What you return should be the lines from the first line of the records below through the line holding "2-element subsets of", unchanged.

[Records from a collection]
== Segment start ==

(* For every integer $n\ge 2$ there exists a weighted undirected graph $G$ on $n$ vertices with $\mathrm{cdim}(G)=2n-3$.
   Context: A weighted undirected graph $G=(V,w)$ consists of a finite vertex set $V$ and a weight function $w$ assigning a nonnegative real number to each unordered pair of distinct vertices. The edge set is $E=\{e : w(e)>0\}$, $m=|E|$. For $\emptyset \ne X \subsetneq V$, $\Delta(X)$ denotes the set of edges of $E$ with exactly one endpoint in $X$ (a cut), with weight $w(\Delta(X))=\sum_{e\in\Delta(X)}w(e)$. $\mathcal{M}(G)$ is the set of cuts of minimum weight. For $S\subseteq E$, $\chi(S)\in\{0,1\}^m$ is its characteristic vector indexed by $E$. The cut dimension is $\mathrm{cdim}(G)=\dim\,\mathrm{span}\{\chi(S): S\in\mathcal{M}(G)\}$. *)

From HB Require Import structures.
From mathcomp Require Import all_boot all_order all_algebra.
From mathcomp Require Import reals.
Set Implicit Arguments. Unset Strict Implicit. Unset Printing Implicit Defensive.
Import Order.TTheory GRing.Theory Num.Theory.
Local Open Scope ring_scope.

(* Vertex set V = 'I_n.  Unordered pairs of distinct vertices are the
   2-element subsets of 'I_n.  A weight function is w : {set 'I_n} -> R,
   only its values on 2-element sets matter. *)

Section CutDim.
Variables (R : realType) (n : nat) (w : {set 'I_n} -> R).

Definition nonneg_weight : Prop := forall e : {set 'I_n}, #|e| = 2%N -> 0 <= w e.

Definition edges : {set {set 'I_n}} := [set e : {set 'I_n} | (#|e| == 2%N) && (0 < w e)].

Definition cut (X : {set 'I_n}) : {set {set 'I_n}} :=
  [set e in edges | #|e :&: X| == 1%N].

Definition cut_weight (X : {set 'I_n}) : R := \sum_(e in cut X) w e.

Definition proper_nonempty (X : {set 'I_n}) : bool := (X != set0) && (X != setT).

Definition min_cut_sideb (X : {set 'I_n}) : bool :=
  proper_nonempty X &&
  [forall Y : {set 'I_n}, proper_nonempty Y ==> (cut_weight X <= cut_weight Y)].

Definition chi (S : {set {set 'I_n}}) : 'rV[R]_#|edges| :=
  \row_(i < #|edges|) (if enum_val i \in S then 1 else 0).

Definition cdim : nat :=
  \rank (\sum_(X : {set 'I_n} | min_cut_sideb X) <<chi (cut X)>>)%MS.

End CutDim.

From HB Require Import structures.
From mathcomp Require Import all_boot all_order all_algebra.
From mathcomp Require Import reals.
From mathcomp Require Import zify.
Set Implicit Arguments. Unset Strict Implicit. Unset Printing Implicit Defensive.
Import Order.TTheory GRing.Theory Num.Theory.

(* For n >= 2 we exhibit a weighted graph G_n on n vertices with cut
   dimension 2n - 3.  G_n is the union of two Hamiltonian cycles
     C1 = 0, 1, 2, ..., n-1, 0   and   C2 = 0, 1, 3, 5, ..., 6, 4, 2, 0
   (odd vertices upwards, even ones downwards), each edge weighted by the
   number of cycles running along it.

   - A cyclic permutation crosses every cut an even, nonzero number of times,
     and a singleton exactly twice.  So every cut of G_n weighs at least 4,
     and the minimum cuts are those crossed exactly twice by both cycles
     (section TwoCycles, for any two cyclic permutations).
   - Upper bound: the signed difference chi(C1) - chi(C2) is orthogonal to
     every minimum cut; it is nonzero when n >= 4, so cdim <= m - 1.
   - Lower bound: singletons and prefixes {0, ..., k-1} are minimum cuts.
     Comparing Delta({k}) + Delta(prefix k) with Delta(prefix (k+1)) isolates
     the edges at k going down, resp. up (section CutCalculus); a triangular
     elimination then puts the unit vector of every edge except the closing
     edge {0, n-1} in the span, so cdim >= m - 1 (section LowerBound).
   - Counting gives m = 2n - 2 for n >= 4.  For n = 2, 3 the graph is
     complete with m = 2n - 3 edges and the closing edge is reached too. *)

Lemma card_set_sum (T : finType) (P : pred T) : #|[set v | P v]| = \sum_v (P v : nat).
Proof. by rewrite -sum1_card big_mkcond; apply: eq_bigr => v _; rewrite inE; case: (P v). Qed.

Lemma sum_eq_mem (T : finType) (A : {pred T}) (x : T) :
  \sum_(e in A) ((x == e) : nat) = (x \in A).
Proof.
case: (boolP (x \in A)) => xA.
  rewrite (bigD1 x) //= eqxx big1 // => e /andP[_ ne]; by rewrite eq_sym (negbTE ne).
by rewrite big1 // => e eA; case: eqP => // ex; rewrite ex eA in xA.
Qed.

Lemma card_set2I_eq1 (T : finType) (a b : T) (Y : {set T}) : a != b ->
  (#|[set a; b] :&: Y| == 1) = ((a \in Y) != (b \in Y)).
Proof.
move=> ab.
have set1I c : [set c] :&: Y = if c \in Y then [set c] else set0.
  apply/setP => x; case cY: (c \in Y); rewrite !inE;
  by case: eqP => [->|]; rewrite ?cY ?andbF.
rewrite setIUl !set1I.
case: (a \in Y); case: (b \in Y); rewrite ?set0U ?setU0 ?cards1 ?cards0 //.
by rewrite cards2 ab.
Qed.

Lemma set2_eq (T : finType) (a b c d : T) : [set a; b] = [set c; d] ->
  (a = c /\ b = d) \/ (a = d /\ b = c).
Proof.
move=> E; have mem x : (x \in [set a; b]) = (x \in [set c; d]) by rewrite E.
move: (mem a) (mem b) (mem c) (mem d); rewrite !inE !eqxx ?orbT /=.
by move=> /esym/orP[]/eqP ea /esym/orP[]/eqP eb /orP[]/eqP ec /orP[]/eqP ed; subst; auto.
Qed.

Section Crossings.
Variable T : finType.
Implicit Types (sg : T -> T) (Y : {set T}).

Definition cross sg Y : nat := #|[set v | (v \in Y) != (sg v \in Y)]|.

(* sg is a cyclic permutation of T: a fixpoint-free injection leaving no
   proper nonempty subset invariant.  Its steps form a Hamiltonian cycle. *)
Definition cyclic_perm sg : Prop :=
  [/\ injective sg, forall v, sg v != v &
      forall Y, (forall v, (v \in Y) = (sg v \in Y)) -> Y = set0 \/ Y = setT].

Definition mult sg (e : {set T}) : nat := #|[set v | [set v; sg v] == e]|.
Lemma C1_lipschitz n (U K : set 'rV[R]_n) (f : 'rV[R]_n -> R) :
  K `<=` U -> compact K -> convex_set (K : set (convex_lmodType _)) -> C1_on U f ->
  exists2 M, 0 <= M & forall x y, K x -> K y -> `|f x - f y| <= M * enorm (x - y).
Proof.
move=> KU cK convK [df cD].
have bnd i : exists M, 0 <= M /\ forall z, K z -> `|'D_('e_i) f z| <= M.
  have [|M M0 HM] := @continuous_compact_bounded _ K (fun z => 'D_('e_i) f z) cK.
    by move=> z /set_mem Kz; exact/cD/KU.
  by exists M.
have [M HM] := boolp.choice bnd.
exists (\sum_i M i); first by apply: sumr_ge0 => i _; case: (HM i).
move=> x y Kx Ky; have [z Kz ->] := mean_value_convex KU convK df Kx Ky.
rewrite deriveE; last exact/df/KU.
rewrite {1}(row_sum_delta (x - y)) linear_sum /= mulr_suml.
apply: (le_trans (ler_norm_sum _ _ _)); apply: ler_sum => i _.
rewrite linearZ /= -deriveE; last exact/df/KU.
rewrite normrZ mulrC; apply: ler_pM => //; last exact: normr_entry_le_enorm.
by case: (HM i) => _ /(_ z Kz).
Qed.

Lemma C1_family_lipschitz (I : finType) n (U K : set 'rV[R]_n)
    (f : I -> 'rV[R]_n -> R) :
  K `<=` U -> compact K -> convex_set (K : set (convex_lmodType _)) ->
  (forall i, C1_on U (f i)) ->
  exists2 M, 0 <= M & forall i x y, K x -> K y ->
    `|f i x - f i y| <= M * enorm (x - y).
Proof.
move=> KU cK convK C1f.
have lip i : exists M, 0 <= M /\ forall x y, K x -> K y ->
    `|f i x - f i y| <= M * enorm (x - y).
  by have [M M0 HM] := C1_lipschitz KU cK convK (C1f i); exists M.
have [M HM] := boolp.choice lip.
have M0 i : 0 <= M i by case: (HM i).
exists (\sum_i M i) => [|i x y Kx Ky]; first exact: sumr_ge0.
case: (HM i) => _ /(_ x y Kx Ky) /le_trans; apply; apply: ler_wpM2r.
  exact: sqrtr_ge0.
by rewrite (bigD1 i) //= lerDl sumr_ge0.
Qed.

End LipschitzC1.

Lemma compact_setX_fst (T1 T2 : topologicalType) (A : set T1) (B : set T2) :
  B !=set0 -> compact (A `*` B) -> compact A.
Proof.
move=> [b Bb] cAB; have -> : A = fst @` (A `*` B).
  by apply/seteqP; split => [x Ax|_ [[x y] [Ax _] <-]] //; exists (x, b).
by apply: continuous_compact => //; apply: continuous_subspaceT => p; exact: cvg_fst.
Qed.
(* Let $f_1,\dots,f_n:\mathbb{R}^d\to\mathbb{R}$ be smooth with $e^{-f_i}$ probability densities and $\int e^{-\beta f_i}dx<\infty$ for all $\beta>0$; let $w_1,\dots,w_n>0$, $\sum_iw_i=1$, $w_{\min}=\min_iw_i$, $f=-\ln\sum_iw_ie^{-f_i}$, and for $0<\beta\le1$ let $p_\beta=e^{-\beta f}/\int e^{-\beta f}$. Fix $\beta\in(0,1]$ and suppose $Z_\beta:=\int e^{-\beta f_1}dx=\cdots=\int e^{-\beta f_n}dx$ (e.g. gaussians of equal variance). Suppose each $\tilde p_{\beta,i}=e^{-\beta f_i}/Z_\beta$ satisfies a Poincaré inequality with constant $C_\beta$. Then $p_\beta$ satisfies a Poincaré inequality with constant $\frac{2C_\beta}{w_{\min}}$ on sets of measure $\le\frac{w_{\min}^2}{2}$.
   Context: For a probability density $p$ on $\mathbb{R}^d$, $\mathcal E_p(g)=\int\|\nabla g\|^2p\,dx$, $\operatorname{Var}_p(g)=\int g^2p-(\int gp)^2$, with $g$ locally Lipschitz and $\int g^2 p<\infty$. $p$ satisfies a Poincaré inequality with constant $C$ if $\mathcal E_p(g)\ge\frac1C\operatorname{Var}_p(g)$ for all such $g$; it satisfies one on sets of measure $\le m$ if this holds for all such $g$ with $p(\operatorname{Supp}(g))\le m$. *)

From HB Require Import structures.
From mathcomp Require Import all_boot all_order all_algebra.
From mathcomp Require Import all_classical all_reals all_analysis.
Set Implicit Arguments. Unset Strict Implicit. Unset Printing Implicit Defensive.
Import Order.TTheory GRing.Theory Num.Theory.
Import numFieldNormedType.Exports.
Local Open Scope classical_set_scope.
Local Open Scope ring_scope.

(* R^d is 'rV[R]_d (row vectors); as a measurable space it carries its Borel
   sigma-algebra (generated by the open sets of 'rV[R]_d). *)
Definition Rd (R : realType) (d : nat) := g_sigma_algebraType (@open 'rV[R]_d).

Definition box (R : realType) d (a b : 'rV[R]_d) : set (Rd R d) :=
  [set x : 'rV[R]_d | forall i, a ord0 i <= x ord0 i <= b ord0 i].

(* lam is the Lebesgue measure on the Borel sets of R^d : it gives every
   closed box its volume (this determines it uniquely). *)
Definition is_lebesgue (R : realType) d (lam : {measure set (Rd R d) -> \bar R}) :=
  forall a b : 'rV[R]_d, (forall i, a ord0 i <= b ord0 i) ->
    lam (box a b) = (\prod_(i < d) (b ord0 i - a ord0 i))%:E.

Definition evec (R : realType) d (i : 'I_d) : 'rV[R]_d := delta_mx ord0 i.
Definition partial (R : realType) d (i : 'I_d) (g : 'rV[R]_d -> R) (x : 'rV[R]_d) : R :=
  'D_(evec R i) g x.

Definition grad_norm2 (R : realType) d (g : 'rV[R]_d -> R) (x : 'rV[R]_d) : R :=
  \sum_(i < d) (partial i g x) ^+ 2.

Fixpoint iter_dir (R : realType) d (vs : seq 'rV[R]_d) (f : 'rV[R]_d -> R)
  : 'rV[R]_d -> R :=
  match vs with
  | [::] => f
  | v :: vs' => fun x => 'D_v (iter_dir vs' f) x
  end.
Definition smooth (R : realType) d (f : 'rV[R]_d -> R) :=
  forall (vs : seq 'rV[R]_d) (x : 'rV[R]_d), differentiable (iter_dir vs f) x.

Definition locally_lipschitz (R : realType) d (g : 'rV[R]_d -> R) :=
  forall x : 'rV[R]_d, exists r : R, exists L : R, 0 < r /\
    forall y z, ball x r y -> ball x r z -> `|g y - g z| <= L * `|y - z|.

Definition energy (R : realType) d (lam : {measure set (Rd R d) -> \bar R})
  (p : 'rV[R]_d -> R) (g : 'rV[R]_d -> R) : \bar R :=
  (\int[lam]_x (grad_norm2 g x * p x)%:E)%E.

Definition variance (R : realType) d (lam : {measure set (Rd R d) -> \bar R})
  (p : 'rV[R]_d -> R) (g : 'rV[R]_d -> R) : \bar R :=
  (\int[lam]_x (g x ^+ 2 * p x)%:E
    - (\int[lam]_x (g x * p x)%:E) ^+ 2)%E.

Definition admissible (R : realType) d (lam : {measure set (Rd R d) -> \bar R})
  (p : 'rV[R]_d -> R) (g : 'rV[R]_d -> R) :=
  locally_lipschitz g /\ (\int[lam]_x (g x ^+ 2 * p x)%:E < +oo)%E.

Definition supp (R : realType) d (g : 'rV[R]_d -> R) : set (Rd R d) :=
  closure [set x : 'rV[R]_d | g x != 0].

Definition dmeasure (R : realType) d (lam : {measure set (Rd R d) -> \bar R})
  (p : 'rV[R]_d -> R) (A : set (Rd R d)) : \bar R :=
  (\int[lam]_(x in A) (p x)%:E)%E.

Definition poincare (R : realType) d (lam : {measure set (Rd R d) -> \bar R})
  (p : 'rV[R]_d -> R) (C : R) :=
  forall g, admissible lam p g ->
    ((C^-1)%:E * variance lam p g <= energy lam p g)%E.

Definition poincare_small_sets (R : realType) d
  (lam : {measure set (Rd R d) -> \bar R}) (p : 'rV[R]_d -> R) (C m : R) :=
  forall g, admissible lam p g -> (dmeasure lam p (supp g) <= m%:E)%E ->
    ((C^-1)%:E * variance lam p g <= energy lam p g)%E.

(* minimum of the weights (all weights lie in (0,1], so 1 is a neutral element) *)
Definition wmin (R : realType) n (w : 'I_n -> R) : R := \big[Num.min/1]_(i < n) w i.

Definition mixture_potential (R : realType) d n (w : 'I_n -> R)
  (fs : 'I_n -> 'rV[R]_d -> R) (x : 'rV[R]_d) : R :=
  - ln (\sum_(i < n) w i * expR (- fs i x)).

Definition tempered_density (R : realType) d (lam : {measure set (Rd R d) -> \bar R})
  (f : 'rV[R]_d -> R) (beta : R) (x : 'rV[R]_d) : R :=
  expR (- (beta * f x)) / fine (\int[lam]_y (expR (- (beta * f y)))%:E)%E.

From Pilot Require Import Defs.
From mathcomp Require Import all_boot all_order all_algebra.
From mathcomp Require Import all_classical all_reals all_analysis.
From mathcomp Require Import measurable_realfun ring lra.
Set Implicit Arguments. Unset Strict Implicit. Unset Printing Implicit Defensive.
Import Order.TTheory GRing.Theory Num.Theory.
Import numFieldNormedType.Exports.
Local Open Scope classical_set_scope.
Local Open Scope ring_scope.

(* Put e = exp (- beta f) = (sum_i w_i exp (- f_i))^beta and a_i = exp (- beta f_i).
   Pointwise, concavity of t |-> t^beta and the bound sum_i w_i x_i <= max_i x_i give
   sum_i w_i a_i <= e <= sum_i a_i <= e / w_min. Integrating, Z_beta <= int e <= n Z_beta,
   so the components q_i = a_i / Z_beta and p = e / int e satisfy sum_i q_i <= c p and
   p <= kappa sum_i q_i with c kappa = 1 / w_min, and c w_min^2 / 2 <= 1/2 since
   n w_min <= 1. If p (supp g) <= w_min^2 / 2, every q_i gives supp g mass at most 1/2,
   so (int g q_i)^2 <= (int g^2 q_i) / 2 by Cauchy-Schwarz (obtained by optimising
   |g| <= g^2 / (2 s) + s / 2 over s > 0), and the Poincare inequality
   for q_i yields int g^2 q_i <= 2 C E_{q_i}(g). Summing over i,
   Var_p g <= int g^2 p <= kappa sum_i int g^2 q_i <= 2 C kappa sum_i E_{q_i}(g)
   <= 2 C kappa c E_p(g). *)

Lemma le_ereal_supD (R : realType) (A B : set \bar R) (M : \bar R) :
  A 0%E -> B 0%E -> (forall a b, A a -> B b -> (a + b <= M)%E) ->
  (ereal_sup A + ereal_sup B <= M)%E.
Proof.
move=> A0 B0 AB; have M0 : (0 <= M)%E by rewrite -(adde0 0%E) AB.
have [->|My] := eqVneq M +oo%E; first by rewrite leey.
have supB_le : (ereal_sup B <= M)%E.
  by apply: ge_ereal_sup => b Bb; rewrite -[b]add0e AB.
have supB_fin : ereal_sup B \is a fin_num.
  by rewrite ge0_fin_numE ?(le_lt_trans supB_le) ?ltey//; exact: ereal_sup_ubound.
rewrite -leeBrDr//; apply: ge_ereal_sup => a Aa.
have [->|a_ninfty] := eqVneq a -oo%E; first by rewrite leNye.
have a_fin : a \is a fin_num.
  by rewrite fin_numE a_ninfty -ltey (le_lt_trans _ (_ : M < +oo)%E) ?ltey// -[a]adde0 AB.
rewrite leeBrDr// addeC -leeBrDr//; apply: ge_ereal_sup => b Bb.
by rewrite leeBrDr// addeC AB.
Qed.

(* Monotonicity, homogeneity and superadditivity of the nonnegative integral hold for
   arbitrary integrands; they are needed for the energy, whose integrand involves the
   gradient of a merely locally Lipschitz function and is not known to be measurable. *)
Section ge0_integral_nomeas.
Context d (T : measurableType d) (R : realType).
Variables (mu : {measure set T -> \bar R}) (D : set T).
Local Open Scope ereal_scope.
Import HBNNSimple.

Lemma ge0_le_integral_nomeas (f g : T -> \bar R) :
  (forall x, D x -> 0 <= f x) -> (forall x, D x -> f x <= g x) ->
  \int[mu]_(x in D) f x <= \int[mu]_(x in D) g x.
Proof.
move=> f0 fg; have g0 x : D x -> 0 <= g x by move=> Dx; exact: le_trans (f0 x Dx) (fg x Dx).
rewrite !ge0_integralE//; apply: ereal_sup_le => _ [h hf <-]; exists h => // x.
apply: le_trans (hf x) _; rewrite !patchE; case: ifPn => // /set_mem; exact: fg.
Qed.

== Segment end ==

• **Exercise answer**
(* For every integer $n\ge 2$ there exists a weighted undirected graph $G$ on $n$ vertices with $\mathrm{cdim}(G)=2n-3$.
   Context: A weighted undirected graph $G=(V,w)$ consists of a finite vertex set $V$ and a weight function $w$ assigning a nonnegative real number to each unordered pair of distinct vertices. The edge set is $E=\{e : w(e)>0\}$, $m=|E|$. For $\emptyset \ne X \subsetneq V$, $\Delta(X)$ denotes the set of edges of $E$ with exactly one endpoint in $X$ (a cut), with weight $w(\Delta(X))=\sum_{e\in\Delta(X)}w(e)$. $\mathcal{M}(G)$ is the set of cuts of minimum weight. For $S\subseteq E$, $\chi(S)\in\{0,1\}^m$ is its characteristic vector indexed by $E$. The cut dimension is $\mathrm{cdim}(G)=\dim\,\mathrm{span}\{\chi(S): S\in\mathcal{M}(G)\}$. *)

From HB Require Import structures.
From mathcomp Require Import all_boot all_order all_algebra.
From mathcomp Require Import reals.
Set Implicit Arguments. Unset Strict Implicit. Unset Printing Implicit Defensive.
Import Order.TTheory GRing.Theory Num.Theory.
Local Open Scope ring_scope.

(* Vertex set V = 'I_n.  Unordered pairs of distinct vertices are the
   2-element subsets of 'I_n.  A weight function is w : {set 'I_n} -> R,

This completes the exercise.